===== Data under study =====

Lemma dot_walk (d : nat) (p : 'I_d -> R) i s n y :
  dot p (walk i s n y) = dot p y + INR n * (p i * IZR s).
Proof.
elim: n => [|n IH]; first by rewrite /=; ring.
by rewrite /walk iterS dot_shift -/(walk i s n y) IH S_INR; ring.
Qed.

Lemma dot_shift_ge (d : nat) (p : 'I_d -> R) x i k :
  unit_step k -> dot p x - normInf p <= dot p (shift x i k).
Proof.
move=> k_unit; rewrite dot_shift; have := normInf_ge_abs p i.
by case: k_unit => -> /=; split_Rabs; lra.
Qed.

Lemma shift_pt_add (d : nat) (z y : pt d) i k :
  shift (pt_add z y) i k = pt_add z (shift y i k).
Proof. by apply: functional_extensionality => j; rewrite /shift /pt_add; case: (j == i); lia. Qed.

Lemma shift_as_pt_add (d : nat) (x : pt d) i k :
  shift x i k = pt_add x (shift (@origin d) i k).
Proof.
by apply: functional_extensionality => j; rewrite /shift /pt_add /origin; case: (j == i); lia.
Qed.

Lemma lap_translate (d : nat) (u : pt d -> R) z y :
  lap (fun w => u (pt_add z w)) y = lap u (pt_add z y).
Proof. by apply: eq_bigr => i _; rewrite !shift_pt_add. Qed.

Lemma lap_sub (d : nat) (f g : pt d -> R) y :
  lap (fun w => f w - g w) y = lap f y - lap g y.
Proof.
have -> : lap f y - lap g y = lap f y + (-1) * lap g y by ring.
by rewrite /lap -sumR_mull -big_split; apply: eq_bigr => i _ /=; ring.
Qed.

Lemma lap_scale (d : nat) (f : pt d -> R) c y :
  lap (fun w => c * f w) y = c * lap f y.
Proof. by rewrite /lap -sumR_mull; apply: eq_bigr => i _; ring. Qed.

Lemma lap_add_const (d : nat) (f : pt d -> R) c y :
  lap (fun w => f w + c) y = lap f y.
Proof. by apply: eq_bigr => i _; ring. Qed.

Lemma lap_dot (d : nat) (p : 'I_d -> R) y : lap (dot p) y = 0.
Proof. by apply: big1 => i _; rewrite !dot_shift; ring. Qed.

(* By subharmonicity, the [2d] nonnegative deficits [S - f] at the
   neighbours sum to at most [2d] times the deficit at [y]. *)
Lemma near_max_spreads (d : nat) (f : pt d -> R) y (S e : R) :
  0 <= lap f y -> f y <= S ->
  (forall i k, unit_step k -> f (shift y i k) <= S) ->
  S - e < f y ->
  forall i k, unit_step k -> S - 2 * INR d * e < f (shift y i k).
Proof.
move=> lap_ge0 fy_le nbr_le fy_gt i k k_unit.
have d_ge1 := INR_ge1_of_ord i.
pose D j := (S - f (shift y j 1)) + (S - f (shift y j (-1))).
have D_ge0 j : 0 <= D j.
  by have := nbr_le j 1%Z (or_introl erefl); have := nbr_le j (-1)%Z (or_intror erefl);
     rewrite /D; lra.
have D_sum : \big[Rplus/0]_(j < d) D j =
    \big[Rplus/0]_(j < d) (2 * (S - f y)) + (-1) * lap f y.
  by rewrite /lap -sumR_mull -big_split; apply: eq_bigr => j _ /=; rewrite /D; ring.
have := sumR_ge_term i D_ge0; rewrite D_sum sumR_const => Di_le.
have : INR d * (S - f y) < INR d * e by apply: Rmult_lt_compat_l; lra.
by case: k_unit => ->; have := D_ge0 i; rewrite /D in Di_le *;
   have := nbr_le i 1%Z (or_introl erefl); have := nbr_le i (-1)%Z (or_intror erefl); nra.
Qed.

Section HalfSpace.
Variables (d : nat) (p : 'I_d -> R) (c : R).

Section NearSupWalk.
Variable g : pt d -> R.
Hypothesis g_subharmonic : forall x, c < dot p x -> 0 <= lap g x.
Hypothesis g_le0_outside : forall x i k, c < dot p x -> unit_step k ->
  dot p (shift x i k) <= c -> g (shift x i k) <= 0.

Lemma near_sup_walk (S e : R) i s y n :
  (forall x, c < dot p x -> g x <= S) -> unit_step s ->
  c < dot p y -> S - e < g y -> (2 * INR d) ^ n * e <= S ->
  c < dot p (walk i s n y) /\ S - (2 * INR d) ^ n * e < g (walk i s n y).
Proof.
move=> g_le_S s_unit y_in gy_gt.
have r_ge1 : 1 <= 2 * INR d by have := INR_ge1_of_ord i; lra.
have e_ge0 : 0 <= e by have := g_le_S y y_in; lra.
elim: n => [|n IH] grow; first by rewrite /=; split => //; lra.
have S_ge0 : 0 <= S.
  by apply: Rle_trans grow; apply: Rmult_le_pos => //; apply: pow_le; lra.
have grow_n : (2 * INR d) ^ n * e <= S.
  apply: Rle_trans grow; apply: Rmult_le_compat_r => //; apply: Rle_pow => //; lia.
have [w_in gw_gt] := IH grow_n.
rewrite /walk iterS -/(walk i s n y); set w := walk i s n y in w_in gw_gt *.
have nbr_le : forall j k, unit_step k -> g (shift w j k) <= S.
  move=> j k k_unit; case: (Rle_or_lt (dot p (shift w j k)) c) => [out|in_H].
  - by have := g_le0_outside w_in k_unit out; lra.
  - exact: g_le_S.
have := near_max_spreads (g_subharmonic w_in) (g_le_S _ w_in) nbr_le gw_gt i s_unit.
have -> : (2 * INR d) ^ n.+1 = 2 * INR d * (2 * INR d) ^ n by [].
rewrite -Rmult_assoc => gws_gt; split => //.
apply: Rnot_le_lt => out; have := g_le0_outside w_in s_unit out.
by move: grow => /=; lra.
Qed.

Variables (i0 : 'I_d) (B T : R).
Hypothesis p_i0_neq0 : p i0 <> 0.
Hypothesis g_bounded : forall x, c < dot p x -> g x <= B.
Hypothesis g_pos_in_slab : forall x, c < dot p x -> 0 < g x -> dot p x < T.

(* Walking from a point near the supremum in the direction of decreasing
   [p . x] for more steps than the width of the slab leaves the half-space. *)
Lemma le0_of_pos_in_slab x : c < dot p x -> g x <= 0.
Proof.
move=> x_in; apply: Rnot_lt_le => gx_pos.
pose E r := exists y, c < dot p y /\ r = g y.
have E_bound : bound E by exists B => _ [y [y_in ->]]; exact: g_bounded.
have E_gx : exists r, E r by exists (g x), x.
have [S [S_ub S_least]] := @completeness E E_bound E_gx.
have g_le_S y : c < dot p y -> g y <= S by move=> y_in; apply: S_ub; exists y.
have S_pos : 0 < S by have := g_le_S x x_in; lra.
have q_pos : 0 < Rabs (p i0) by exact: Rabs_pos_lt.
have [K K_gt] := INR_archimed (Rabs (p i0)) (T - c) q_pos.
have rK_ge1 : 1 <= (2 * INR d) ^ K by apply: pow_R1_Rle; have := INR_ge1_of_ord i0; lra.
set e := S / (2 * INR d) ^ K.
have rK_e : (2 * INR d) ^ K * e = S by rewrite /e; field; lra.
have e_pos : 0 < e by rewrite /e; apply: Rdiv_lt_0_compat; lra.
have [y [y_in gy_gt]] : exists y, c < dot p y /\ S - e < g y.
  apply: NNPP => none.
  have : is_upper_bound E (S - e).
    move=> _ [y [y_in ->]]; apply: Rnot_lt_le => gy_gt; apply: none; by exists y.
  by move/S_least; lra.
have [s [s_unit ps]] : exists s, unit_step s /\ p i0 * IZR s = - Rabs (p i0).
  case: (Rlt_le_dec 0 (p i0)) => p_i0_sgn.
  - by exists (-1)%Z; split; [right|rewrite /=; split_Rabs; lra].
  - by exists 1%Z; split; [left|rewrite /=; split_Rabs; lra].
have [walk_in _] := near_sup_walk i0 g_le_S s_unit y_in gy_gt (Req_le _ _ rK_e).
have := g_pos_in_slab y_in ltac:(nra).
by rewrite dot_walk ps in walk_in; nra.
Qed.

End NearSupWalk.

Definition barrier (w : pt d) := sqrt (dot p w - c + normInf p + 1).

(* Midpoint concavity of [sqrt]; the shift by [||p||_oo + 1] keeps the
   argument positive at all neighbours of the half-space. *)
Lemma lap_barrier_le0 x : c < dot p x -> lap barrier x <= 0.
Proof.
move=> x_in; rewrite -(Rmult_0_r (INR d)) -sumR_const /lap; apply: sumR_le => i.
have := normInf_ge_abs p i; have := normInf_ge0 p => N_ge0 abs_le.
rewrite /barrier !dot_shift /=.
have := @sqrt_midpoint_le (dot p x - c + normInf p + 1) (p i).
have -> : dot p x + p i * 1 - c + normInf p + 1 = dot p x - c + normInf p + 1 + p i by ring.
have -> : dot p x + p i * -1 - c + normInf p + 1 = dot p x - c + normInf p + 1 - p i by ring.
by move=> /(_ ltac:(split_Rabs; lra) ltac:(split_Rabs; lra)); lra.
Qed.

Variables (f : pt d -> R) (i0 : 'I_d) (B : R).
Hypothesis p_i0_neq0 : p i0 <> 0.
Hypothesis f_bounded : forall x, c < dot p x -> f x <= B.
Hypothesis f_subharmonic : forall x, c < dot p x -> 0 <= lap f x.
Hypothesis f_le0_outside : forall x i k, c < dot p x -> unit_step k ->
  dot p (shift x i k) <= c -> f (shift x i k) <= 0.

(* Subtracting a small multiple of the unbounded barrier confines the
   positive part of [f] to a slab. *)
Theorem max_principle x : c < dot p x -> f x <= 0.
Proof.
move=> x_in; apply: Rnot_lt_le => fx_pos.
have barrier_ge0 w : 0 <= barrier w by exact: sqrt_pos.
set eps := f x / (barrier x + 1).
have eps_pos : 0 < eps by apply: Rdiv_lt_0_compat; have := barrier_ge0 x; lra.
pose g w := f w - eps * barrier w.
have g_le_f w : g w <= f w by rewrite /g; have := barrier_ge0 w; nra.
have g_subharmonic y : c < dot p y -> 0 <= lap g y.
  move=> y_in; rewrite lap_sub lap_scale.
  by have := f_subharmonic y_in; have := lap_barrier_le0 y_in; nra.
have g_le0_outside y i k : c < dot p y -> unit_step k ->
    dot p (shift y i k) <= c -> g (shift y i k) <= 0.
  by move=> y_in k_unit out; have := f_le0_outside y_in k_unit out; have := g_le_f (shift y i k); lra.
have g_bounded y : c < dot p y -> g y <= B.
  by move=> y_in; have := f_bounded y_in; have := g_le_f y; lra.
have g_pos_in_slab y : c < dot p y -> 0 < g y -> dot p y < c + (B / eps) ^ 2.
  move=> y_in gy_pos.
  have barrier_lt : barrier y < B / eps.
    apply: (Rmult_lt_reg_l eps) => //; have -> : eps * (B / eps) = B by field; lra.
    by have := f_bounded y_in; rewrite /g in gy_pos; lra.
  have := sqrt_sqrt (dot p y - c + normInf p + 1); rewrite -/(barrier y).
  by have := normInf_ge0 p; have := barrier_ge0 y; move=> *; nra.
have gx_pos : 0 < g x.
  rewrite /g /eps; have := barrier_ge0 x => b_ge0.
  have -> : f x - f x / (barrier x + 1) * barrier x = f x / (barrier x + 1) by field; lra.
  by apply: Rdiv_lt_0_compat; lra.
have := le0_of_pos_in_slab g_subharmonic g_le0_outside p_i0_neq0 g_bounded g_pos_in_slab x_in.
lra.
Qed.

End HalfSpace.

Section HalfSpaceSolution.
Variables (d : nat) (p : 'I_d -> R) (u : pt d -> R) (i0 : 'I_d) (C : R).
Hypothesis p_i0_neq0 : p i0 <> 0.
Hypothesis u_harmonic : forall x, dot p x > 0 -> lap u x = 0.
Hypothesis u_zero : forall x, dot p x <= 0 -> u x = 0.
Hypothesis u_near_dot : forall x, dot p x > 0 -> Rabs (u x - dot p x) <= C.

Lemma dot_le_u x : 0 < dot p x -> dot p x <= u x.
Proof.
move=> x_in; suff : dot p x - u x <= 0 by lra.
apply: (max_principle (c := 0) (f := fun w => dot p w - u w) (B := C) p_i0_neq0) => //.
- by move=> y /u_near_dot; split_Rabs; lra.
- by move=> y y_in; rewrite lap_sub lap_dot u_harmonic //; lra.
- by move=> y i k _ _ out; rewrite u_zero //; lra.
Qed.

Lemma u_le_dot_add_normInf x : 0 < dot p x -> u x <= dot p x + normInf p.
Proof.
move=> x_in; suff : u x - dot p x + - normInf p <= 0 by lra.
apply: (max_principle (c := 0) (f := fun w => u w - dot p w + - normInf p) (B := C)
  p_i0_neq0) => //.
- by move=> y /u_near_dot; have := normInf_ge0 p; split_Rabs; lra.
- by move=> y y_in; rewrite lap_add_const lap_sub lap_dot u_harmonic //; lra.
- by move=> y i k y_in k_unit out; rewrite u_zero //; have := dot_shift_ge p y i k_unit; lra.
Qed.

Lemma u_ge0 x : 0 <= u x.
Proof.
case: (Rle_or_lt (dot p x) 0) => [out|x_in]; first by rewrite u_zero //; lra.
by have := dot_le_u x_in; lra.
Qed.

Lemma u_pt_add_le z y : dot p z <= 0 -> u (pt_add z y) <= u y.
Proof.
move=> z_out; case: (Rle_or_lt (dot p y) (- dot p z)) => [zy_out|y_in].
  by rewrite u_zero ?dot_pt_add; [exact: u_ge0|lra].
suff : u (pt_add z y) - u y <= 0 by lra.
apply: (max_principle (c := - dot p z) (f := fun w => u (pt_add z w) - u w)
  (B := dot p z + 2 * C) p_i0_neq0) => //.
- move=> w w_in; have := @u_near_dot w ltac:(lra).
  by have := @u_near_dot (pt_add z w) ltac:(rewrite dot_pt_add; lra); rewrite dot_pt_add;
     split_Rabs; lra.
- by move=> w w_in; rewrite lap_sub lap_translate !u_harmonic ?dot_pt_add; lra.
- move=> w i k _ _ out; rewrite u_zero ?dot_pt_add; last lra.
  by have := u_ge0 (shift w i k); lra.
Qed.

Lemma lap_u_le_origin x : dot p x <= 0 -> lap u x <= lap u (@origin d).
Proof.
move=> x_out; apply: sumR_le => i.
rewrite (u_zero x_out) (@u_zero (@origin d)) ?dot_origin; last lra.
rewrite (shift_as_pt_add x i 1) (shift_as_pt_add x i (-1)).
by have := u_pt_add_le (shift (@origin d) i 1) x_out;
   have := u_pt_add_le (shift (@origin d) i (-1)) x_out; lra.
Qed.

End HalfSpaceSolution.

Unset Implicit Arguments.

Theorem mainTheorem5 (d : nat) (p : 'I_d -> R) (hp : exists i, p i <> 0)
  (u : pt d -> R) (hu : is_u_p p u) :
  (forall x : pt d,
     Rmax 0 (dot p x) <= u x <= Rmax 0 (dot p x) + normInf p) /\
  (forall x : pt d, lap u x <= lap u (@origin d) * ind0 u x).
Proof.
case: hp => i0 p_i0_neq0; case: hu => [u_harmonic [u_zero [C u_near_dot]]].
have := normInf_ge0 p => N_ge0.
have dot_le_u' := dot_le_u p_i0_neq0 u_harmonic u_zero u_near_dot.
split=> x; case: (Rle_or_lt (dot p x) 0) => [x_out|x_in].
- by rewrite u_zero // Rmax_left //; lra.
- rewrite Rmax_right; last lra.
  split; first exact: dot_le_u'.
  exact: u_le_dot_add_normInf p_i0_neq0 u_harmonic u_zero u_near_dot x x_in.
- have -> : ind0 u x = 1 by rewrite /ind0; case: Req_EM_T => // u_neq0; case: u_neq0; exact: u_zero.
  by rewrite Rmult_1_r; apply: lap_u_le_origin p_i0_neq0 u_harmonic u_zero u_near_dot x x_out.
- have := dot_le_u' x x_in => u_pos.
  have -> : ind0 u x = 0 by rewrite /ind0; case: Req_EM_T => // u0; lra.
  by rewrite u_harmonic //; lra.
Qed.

=====
===== Data under study =====

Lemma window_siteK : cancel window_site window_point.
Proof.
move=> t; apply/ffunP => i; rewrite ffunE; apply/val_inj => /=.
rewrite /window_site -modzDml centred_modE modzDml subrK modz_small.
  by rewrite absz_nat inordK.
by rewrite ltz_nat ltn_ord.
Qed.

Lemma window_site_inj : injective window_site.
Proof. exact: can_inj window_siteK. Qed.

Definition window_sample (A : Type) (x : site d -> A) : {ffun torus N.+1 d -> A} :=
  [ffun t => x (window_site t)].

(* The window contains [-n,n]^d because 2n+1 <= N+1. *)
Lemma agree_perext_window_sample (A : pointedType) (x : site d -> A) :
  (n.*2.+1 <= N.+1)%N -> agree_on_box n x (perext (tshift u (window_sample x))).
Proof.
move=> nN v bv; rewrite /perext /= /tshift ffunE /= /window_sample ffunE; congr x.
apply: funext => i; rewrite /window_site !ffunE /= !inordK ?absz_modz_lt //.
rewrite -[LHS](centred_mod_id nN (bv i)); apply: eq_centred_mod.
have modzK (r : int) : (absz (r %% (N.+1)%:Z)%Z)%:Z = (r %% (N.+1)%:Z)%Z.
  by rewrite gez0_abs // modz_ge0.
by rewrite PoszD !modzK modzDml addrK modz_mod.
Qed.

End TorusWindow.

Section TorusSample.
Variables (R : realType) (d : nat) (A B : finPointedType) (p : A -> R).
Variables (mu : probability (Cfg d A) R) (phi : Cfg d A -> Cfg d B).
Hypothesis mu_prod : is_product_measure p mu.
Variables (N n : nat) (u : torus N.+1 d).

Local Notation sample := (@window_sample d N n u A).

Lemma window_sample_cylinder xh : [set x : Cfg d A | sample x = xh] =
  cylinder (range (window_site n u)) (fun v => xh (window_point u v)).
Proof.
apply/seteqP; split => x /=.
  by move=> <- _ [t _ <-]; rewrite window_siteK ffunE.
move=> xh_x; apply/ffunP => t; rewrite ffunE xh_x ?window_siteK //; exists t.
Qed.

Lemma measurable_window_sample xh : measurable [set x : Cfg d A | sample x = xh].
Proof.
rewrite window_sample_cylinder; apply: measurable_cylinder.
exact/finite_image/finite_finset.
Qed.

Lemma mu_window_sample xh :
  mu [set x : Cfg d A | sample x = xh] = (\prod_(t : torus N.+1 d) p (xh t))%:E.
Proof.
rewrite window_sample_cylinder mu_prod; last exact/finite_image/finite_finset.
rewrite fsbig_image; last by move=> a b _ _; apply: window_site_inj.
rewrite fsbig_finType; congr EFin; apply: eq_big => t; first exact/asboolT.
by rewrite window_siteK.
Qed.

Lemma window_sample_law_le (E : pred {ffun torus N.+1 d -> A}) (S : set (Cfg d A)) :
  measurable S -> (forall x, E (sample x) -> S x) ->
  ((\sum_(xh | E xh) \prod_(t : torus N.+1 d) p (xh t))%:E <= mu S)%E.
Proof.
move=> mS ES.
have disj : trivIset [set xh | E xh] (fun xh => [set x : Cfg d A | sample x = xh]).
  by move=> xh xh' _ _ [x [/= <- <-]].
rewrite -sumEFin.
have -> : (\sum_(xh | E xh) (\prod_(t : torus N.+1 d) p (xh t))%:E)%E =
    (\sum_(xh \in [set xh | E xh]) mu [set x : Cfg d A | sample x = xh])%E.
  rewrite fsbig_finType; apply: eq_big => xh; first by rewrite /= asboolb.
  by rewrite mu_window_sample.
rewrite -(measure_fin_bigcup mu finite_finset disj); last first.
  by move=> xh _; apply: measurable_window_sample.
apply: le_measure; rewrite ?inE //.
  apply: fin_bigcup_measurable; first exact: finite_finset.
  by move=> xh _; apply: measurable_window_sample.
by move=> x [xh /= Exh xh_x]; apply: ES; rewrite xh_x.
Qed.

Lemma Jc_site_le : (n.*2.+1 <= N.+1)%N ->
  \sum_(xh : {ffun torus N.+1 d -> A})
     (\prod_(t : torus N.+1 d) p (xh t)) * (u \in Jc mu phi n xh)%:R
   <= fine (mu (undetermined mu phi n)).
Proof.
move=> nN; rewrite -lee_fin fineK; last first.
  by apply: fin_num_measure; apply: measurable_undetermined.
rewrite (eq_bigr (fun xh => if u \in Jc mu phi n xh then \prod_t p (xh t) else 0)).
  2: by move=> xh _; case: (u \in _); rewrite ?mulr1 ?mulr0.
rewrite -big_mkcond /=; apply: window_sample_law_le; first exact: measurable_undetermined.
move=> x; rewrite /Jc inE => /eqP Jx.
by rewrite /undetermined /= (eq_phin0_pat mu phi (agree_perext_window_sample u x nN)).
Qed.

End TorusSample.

=====

■ Exercise prompt ■
Please return the lines above that run from the line containing "have nbr_le : forall" to the line containing "have := near_max_spreads", inclusive, exactly and with no other lines.

■ Solution for this problem ■
have nbr_le : forall j k, unit_step k -> g (shift w j k) <= S.
  move=> j k k_unit; case: (Rle_or_lt (dot p (shift w j k)) c) => [out|in_H].
  - by have := g_le0_outside w_in k_unit out; lra.
  - exact: g_le_S.
have := near_max_spreads (g_subharmonic w_in) (g_le_S _ w_in) nbr_le gw_gt i s_unit.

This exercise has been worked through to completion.